In [1]:
%matplotlib inline
import numpy as np
import pandas as pd
import matplotlib.pyplot as plt
from sklearn.model_selection import train_test_split
from sklearn.feature_extraction.text import CountVectorizer, TfidfVectorizer
from sklearn.decomposition import NMF, LatentDirichletAllocation
import pickle as pkl

### Import data

In [34]:
data_dir_path = './data'

# Import `fake_or_real_news.csv`
df = pd.read_csv(data_dir_path + "/train.csv")

# Set `y`
X_train = df['text']
y = df.label

In [35]:
df.head()

Unnamed: 0,id,title,author,text,label
0,0,House Dem Aide: We Didn’t Even See Comey’s Let...,Darrell Lucus,House Dem Aide: We Didn’t Even See Comey’s Let...,1
1,1,"FLYNN: Hillary Clinton, Big Woman on Campus - ...",Daniel J. Flynn,Ever get the feeling your life circles the rou...,0
2,2,Why the Truth Might Get You Fired,Consortiumnews.com,"Why the Truth Might Get You Fired October 29, ...",1
3,3,15 Civilians Killed In Single US Airstrike Hav...,Jessica Purkiss,Videos 15 Civilians Killed In Single US Airstr...,1
4,4,Iranian woman jailed for fictional unpublished...,Howard Portnoy,Print \nAn Iranian woman has been sentenced to...,1


In [36]:
# LDA can only use raw term counts for LDA because it is a probabilistic graphical model
count_vectorizer = CountVectorizer(max_df=0.95, min_df=2, max_features=5000, stop_words='english')

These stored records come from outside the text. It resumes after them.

(* Let $p,q$ be positive integers with $p+q$ odd. For all $n\ge3$ and all $g\in\mathcal{J}^{p,q}_n$, $$\psi_n(g)\equiv\frac{\psi_{n-1}(g_L)+\psi_{n-1}(g_R)}{p+q}\pmod{2^{\lfloor (n-1)/2\rfloor}}.$$
   Context: Let $p,q$ be positive integers with $p+q$ odd. $\mathbb{Z}_{2^k}$ denotes the integers modulo $2^k$ ($\mathbb{Z}_1$ trivial); as $p+q$ is odd, division by $p+q$ and $(p+q)^2$ is well defined in $\mathbb{Z}_{2^k}$. For $m\ge1$, $D_{2m}$ is the dihedral group of order $2m$, realized as pairs $(f,x)$, $f\in\mathbb{Z}_2$, $x\in\mathbb{Z}_m$, with product $(f_1,x_1)(f_2,x_2)=(f_1+f_2,x_1+(-1)^{f_1}x_2)$. Define $\Phi:D_{2m}\to D_{2m}$, $\Phi((f,x))=(f,\delta(f=1)(p+q)(p-q)-x)$, where $\delta(f=1)$ is $1$ if $f=1$ and $0$ otherwise. $\mathrm{Aut}(T_1)$ is trivial; for $k\ge1$, $\mathrm{Aut}(T_{k+1})$ is the set of triples $g=(g_f,g_L,g_R)$, $g_f\in\mathbb{Z}_2$, $g_L,g_R\in\mathrm{Aut}(T_k)$, with product $(f,A,B)(g,C,D)=(f+g,AC,BD)$ if $f=0$ and $(f+g,AD,BC)$ if $f=1$; subscripts chain ($g_{LR}=(g_L)_R$, $g_{Lf}=(g_L)_f$). Recursively: $\mathcal{J}_1=\mathrm{Aut}(T_2)$, $\psi_1=0$, $\Delta_1(g)=(g_f,0)$; $\mathcal{J}_2=\{g\in\mathrm{Aut}(T_3):g_L=g_R\}$, $\psi_2(g)=\delta(g_{Lf}=1)\in\mathbb{Z}_2$, $\Delta_2(g)=(g_f,\psi_2(g))$; for $n\ge3$, $\mathcal{J}_n=\{g\in\mathrm{Aut}(T_{n+1}):g_L,g_R\in\mathcal{J}_{n-1},\ \Delta_{n-1}(g_L)=\Phi(\Delta_{n-1}(g_R))\}$, with $\psi_n:\mathcal{J}_n\to\mathbb{Z}_{2^{\lfloor n/2\rfloor}}$ given by $\psi_n(g)=(\psi_{n-1}(g_L)+\psi_{n-1}(g_R))/(p+q)$ for odd $n$ and $\psi_n(g)=\big(2(\psi_{n-2}(g_{LL})+\psi_{n-2}(g_{RL}))-\delta(g_{Lf}=1)(p+q)(p-q)\big)/(p+q)^2$ for even $n$ (with $2\psi_{n-2}(\cdot)$ read in $\mathbb{Z}_{2^{n/2}}$), and $\Delta_n:\mathcal{J}_n\to D_{2^{\lfloor n/2\rfloor+1}}$ given by $\Delta_n(g)=(g_f,\psi_{n-1}(g_L)-\psi_{n-1}(g_R))$ for odd $n$ and $\Delta_n(g)=(g_f,(p+q)\psi_n(g)-2\psi_{n-1}(g_R))$ for even $n$. In the claim, $\psi_n(g)\in\mathbb{Z}_{2^{\lfloor n/2\rfloor}}$ is reduced modulo $2^{\lfloor(n-1)/2\rfloor}$. *)

From mathcomp Require Import all_boot all_order all_algebra.
Set Implicit Arguments. Unset Strict Implicit. Unset Printing Implicit Defensive.
Import Order.TTheory GRing.Theory Num.Theory.
Local Open Scope ring_scope.

(* aut k = Aut(T_{k+1}):  Aut(T_1) trivial, Aut(T_{k+1}) = Z2 x Aut(T_k) x Aut(T_k),
   a triple (g_f, g_L, g_R). (Group product not needed for the statement.) *)
Fixpoint aut (k : nat) : Type :=
  match k with
  | 0 => unit
  | k'.+1 => (bool * aut k' * aut k')%type
  end.

Definition aut_f (k : nat) (g : aut k.+1) : bool := g.1.1.
Definition aut_L (k : nat) (g : aut k.+1) : aut k := g.1.2.
Definition aut_R (k : nat) (g : aut k.+1) : aut k := g.2.

(* Elements of Z_{2^k} are represented by their canonical representative in
   [0, 2^k) as integers. *)
Definition md (k : nat) (x : int) : int := (x %% (2 ^ k)%N%:Z)%Z.

(* Division x / a in Z_{2^k}: the (unique, for odd a) residue y with a*y = x. *)
Definition zdiv (k : nat) (a x : int) : int :=
  match [pick y : 'I_(2 ^ k) | md k (a * (nat_of_ord y)%:Z - x) == 0] with
  | Some y => (nat_of_ord y)%:Z
  | None => 0
  end.

(* Data attached to g in Aut(T_{n+1}) at level n:
   ipsi = psi_n(g) in Z_{2^{n/2}}, idlt = Delta_n(g) in D_{2^{n/2+1}}
   (pair (f, x) with x in Z_{2^{n/2}}), iJ = (g \in J_n). *)
Record info := Info { ipsi : int; idlt : bool * int; iJ : Prop }.

Section Rec.
Variables p q : nat.
Definition spq : int := (p + q)%N%:Z.
Definition epq : int := spq * (p%:Z - q%:Z).

Definition Phi (k : nat) (d : bool * int) : bool * int :=
  (d.1, md k ((if d.1 then epq else 0) - d.2)).

Fixpoint Jdata (n : nat) : aut n -> info :=
  match n return aut n -> info with
  | 0 => fun _ => Info 0 (false, 0) False
  | m.+1 => fun g0 =>
    (match m as m0 return aut m0.+1 -> (aut m0 -> info) -> info with
     | 0 => fun g _ => (* n = 1 *) Info 0 (g.1.1, 0) True
     | l.+1 => fun g Fm =>
        let gf := g.1.1 in
        let gL := g.1.2 in
        let gR := g.2 in
        match l as l0 return aut l0.+1 -> aut l0.+1 -> (aut l0.+1 -> info) -> (aut l0 -> info) -> info with
        | 0 => fun gL gR _ _ => (* n = 2 *)
            let ps := if gL.1.1 then 1 else 0 in
            Info ps (gf, ps) (gL = gR)
        | j.+1 => fun gL gR Fm' Fl =>
            let nn := j.+3 in
            let k := nn./2 in
            let iL := Fm' gL in
            let iR := Fm' gR in
            let iLL := Fl gL.1.2 in
            let iRL := Fl gR.1.2 in
            let ps :=
              if odd nn then zdiv k spq (ipsi iL + ipsi iR)
              else zdiv k (spq * spq)
                     (2 * (ipsi iLL + ipsi iRL) - (if gL.1.1 then epq else 0)) in
            let dl :=
              if odd nn then (gf, md k (ipsi iL - ipsi iR))
              else (gf, md k (spq * ps - 2 * ipsi iR)) in
            Info ps dl
              [/\ iJ iL, iJ iR & idlt iL = Phi (j.+2)./2 (idlt iR)]
        end gL gR Fm (@Jdata l)
     end) g0 (@Jdata m)
  end.
End Rec.

Definition J (p q n : nat) (g : aut n) : Prop := iJ (Jdata p q g).
Definition psi (p q n : nat) (g : aut n) : int := ipsi (Jdata p q g).
Definition Delta (p q n : nat) (g : aut n) : bool * int := idlt (Jdata p q g).

(* For odd n, floor(n/2) = floor((n-1)/2) and the claim is the defining
   equation of psi_n.  For even n put s = p + q, let a, b, c, d be
   the values of psi_(n-2) at g_LL, g_LR, g_RL, g_RR, and let e = s (p - q) if
   g_L flips and e = 0 otherwise.  Since s is odd it is a unit modulo every
   power of 2, so it suffices to compare s^2 psi_n = 2 (a + c) - e with
   s (psi_(n-1)(g_L) + psi_(n-1)(g_R)) = a + b + c + d.  Their difference is
   (a - b) - (e - (c - d)), which vanishes modulo 2^((n-1)/2) precisely because
   g in J_n forces Delta_(n-1)(g_L) = Phi(Delta_(n-1)(g_R)). *)

From mathcomp Require Import all_boot all_order all_algebra.
From mathcomp Require Import ring.
Set Implicit Arguments. Unset Strict Implicit.
Import Order.TTheory GRing.Theory Num.Theory.
Local Open Scope ring_scope.

Local Notation pow2 k := ((2 ^ k)%N%:Z).

Lemma pow2_gt0 k : 0 < pow2 k.
Proof. by rewrite ltz_nat expn_gt0. Qed.

Lemma pow2_dvd k l : (k <= l)%N -> (pow2 k %| pow2 l)%Z.
Proof. by move=> le_kl; rewrite dvdzE !absz_nat dvdn_exp2l. Qed.

Lemma coprimez_pow2 (a : int) k : odd `|a|%N -> coprimez a (pow2 k).
Proof.
move=> odd_a; rewrite coprimezE absz_nat.
by case: k => [|k]; rewrite ?coprimen1 // coprimeXr // coprimen2.
Qed.

Lemma md_eq k x y : md k x = md k y <-> (pow2 k %| x - y)%Z.
Proof. by rewrite /md -eqz_mod_dvd; split => [->|/eqP]. Qed.

Lemma dvdz_md k x : (pow2 k %| md k x - x)%Z.
Proof. by rewrite -md_eq /md modz_mod. Qed.

Lemma md_zdiv k a x : md k (zdiv k a x) = zdiv k a x.
Proof.
rewrite /md /zdiv; case: pickP => [y _|_]; last exact: mod0z.
by rewrite modz_small // lez_nat ltz_nat ltn_ord.
Qed.

Lemma dvdz_mul_zdiv k a x :
  coprimez a (pow2 k) -> (pow2 k %| a * zdiv k a x - x)%Z.
Proof.
(* Bezout makes the residue of u * x a solution, so the search never fails. *)
move=> /eqP co_a; rewrite /zdiv; case: pickP => [y /eqP/dvdz_mod0P // | no_sol].
have [u [v bezout]] := Bezoutz a (pow2 k); rewrite co_a in bezout.
have y_ge0 : 0 <= md k (u * x) by rewrite modz_ge0 // gt_eqF ?pow2_gt0.
have y_lt : (`|md k (u * x)| < 2 ^ k)%N.
  by rewrite -ltz_nat gez0_abs // ltz_pmod ?pow2_gt0.
case/negP: (no_sol (Ordinal y_lt)); apply/eqP/dvdz_mod0P => /=.
rewrite gez0_abs //.
have -> : a * md k (u * x) - x =
    a * (md k (u * x) - u * x) - v * pow2 k * x + (u * a + v * pow2 k - 1) * x.
  by ring.
rewrite bezout subrr mul0r addr0.
by apply: rpredB; [apply/dvdz_mull/dvdz_md | apply/dvdz_mulr/dvdz_mull/dvdzz].
Qed.

Lemma zdiv_unique k a x y :
  coprimez a (pow2 k) -> (pow2 k %| a * y - x)%Z -> md k y = zdiv k a x.
Proof.
move=> co_a sol_y; rewrite -[RHS]md_zdiv; apply/md_eq.
rewrite -(Gauss_dvdzr _ (_ : coprimez (pow2 k) a)); last by rewrite coprimez_sym.
have -> : a * (y - zdiv k a x) = (a * y - x) - (a * zdiv k a x - x) by ring.
by rewrite rpredB // dvdz_mul_zdiv.
Qed.

Lemma md_subr_md k x y : md k (x - md k y) = md k (x - y).
Proof.
apply/md_eq; have -> : x - md k y - (x - y) = - (md k y - y) by ring.
by rewrite rpredN dvdz_md.
Qed.

Lemma md_zdiv_sq_sum k (s a b c d e : int) :
  odd `|s|%N -> md k (a - b) = md k (e - (c - d)) ->
  md k (zdiv k.+1 (s * s) (2 * (a + c) - e)) =
  zdiv k s (zdiv k s (a + b) + zdiv k s (c + d)).
Proof.
move=> odd_s /md_eq diff_ab; have co_s l := @coprimez_pow2 s l odd_s.
set P := zdiv _ _ _; set PL := zdiv k s (a + b); set PR := zdiv k s (c + d).
apply: zdiv_unique => //.
rewrite -(Gauss_dvdzr _ (_ : coprimez (pow2 k) s)); last by rewrite coprimez_sym.
have sqP : (pow2 k %| s * s * P - (2 * (a + c) - e))%Z.
  apply: dvdz_trans (pow2_dvd (leqnSn k)) _; apply: dvdz_mul_zdiv.
  by rewrite coprimezMl !co_s.
have -> : s * (s * P - (PL + PR)) = (s * s * P - (2 * (a + c) - e))
    - (s * PL - (a + b)) - (s * PR - (c + d)) + (a - b - (e - (c - d))) by ring.
have [divL divR] : (pow2 k %| s * PL - (a + b))%Z /\ (pow2 k %| s * PR - (c + d))%Z.
  by split; apply: dvdz_mul_zdiv.
by apply/rpredD/diff_ab; apply/rpredB/divR; apply/rpredB/divL.
Qed.

Section Recursion.
Variables p q : nat.

Lemma J_rec j (g : aut j.+3) :
  J p q g = [/\ J p q (aut_L g), J p q (aut_R g)
              & Delta p q (aut_L g) = Phi p q (j.+2)./2 (Delta p q (aut_R g))].
Proof. by case: g => [[f gL] gR]. Qed.

Lemma psi_odd j (g : aut j.+3) : odd j.+3 ->
  psi p q g = zdiv (j.+3)./2 (spq p q) (psi p q (aut_L g) + psi p q (aut_R g)).
Proof. by case: g => [[f gL] gR]; rewrite /psi /= => ->. Qed.

Lemma psi_even j (g : aut j.+3) : ~~ odd j.+3 ->
  psi p q g = zdiv (j.+3)./2 (spq p q * spq p q)
    (2 * (psi p q (aut_L (aut_L g)) + psi p q (aut_L (aut_R g)))
     - (if aut_f (aut_L g) then epq p q else 0)).
Proof. by case: g => [[f gL] gR]; rewrite /psi /= => /negbTE ->. Qed.

Lemma Delta_odd j (g : aut j.+3) : odd j.+3 ->
  Delta p q g = (aut_f g, md (j.+3)./2 (psi p q (aut_L g) - psi p q (aut_R g))).
Proof. by case: g => [[f gL] gR]; rewrite /Delta /psi /= => ->. Qed.

End Recursion.

Theorem lemma2 (p q : nat) (hp : (0 < p)%N) (hq : (0 < q)%N) (hodd : odd (p + q))
  (m : nat) (hm : (2 <= m)%N) (g : aut m.+1) :
  J p q g ->
  md m./2 (psi p q g) =
  zdiv m./2 (spq p q) (psi p q (aut_L g) + psi p q (aut_R g)).
Proof.
case: m hm g => [|[|j]] // _ g; rewrite J_rec => -[_ _ Delta_LR].
have [odd_n | even_n] := boolP (odd j.+3).
  have half_n : (j.+3)./2 = (j.+2)./2.
    by rewrite -[LHS]/(uphalf j.+2) uphalf_half; move: odd_n => /= /negbTE ->.
  by rewrite psi_odd // half_n md_zdiv.
case: j even_n g Delta_LR => [|i] // even_n g.
have odd_m : odd i.+3 by move: even_n => /=; rewrite negbK.
have half_n : (i.+4)./2 = ((i.+3)./2).+1.
  by rewrite -[LHS]/(uphalf i.+3) uphalf_half odd_m.
rewrite psi_even // half_n !psi_odd // !Delta_odd // => -[<-].
rewrite md_subr_md => diff_LR.
by apply: md_zdiv_sq_sum; rewrite // absz_nat.
Qed.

# Fit and transform the training data
count_train = count_vectorizer.fit_transform(X_train.astype('U'))
feature_names = count_vectorizer.get_feature_names()

# run lda

In [37]:
def display_topics(model, feature_names, num_top_words):
    for topic_idx, topic in enumerate(model.components_):
        print("Topic %d:" % (topic_idx))
        print(" ".join([feature_names[i] for i in topic.argsort()[:-num_top_words - 1:-1]]))



# Run LDA
num_topics = 10
lda = LatentDirichletAllocation(n_components=num_topics, random_state=42).fit(count_train)
# pkl.dump(lda, open('lda_10.pkl', 'wb'))
# lda = pkl.load(open('lda_10.pkl', 'rb'))
print(lda.components_.shape)

# display        
num_top_words = 10
display_topics(lda, feature_names, num_top_words)        

(10, 5000)
Topic 0:
said like just time people new years don life way
Topic 1:
trump president clinton donald said election people party campaign republican
Topic 2:
school students clinton university state million foundation public money education
Topic 3:
people percent world like new years government money economic year
Topic 4:
russia war military syria united russian government states american world
Topic 5:
said law court federal health state new states care immigration
Topic 6:
clinton hillary fbi media news election emails investigation email comey
Topic 7:
said police people city state officers man killed officials according
Topic 8:
mr said ms trump new president officials united company did
Topic 9:
la twitter el 2017 en que obama com 2016 european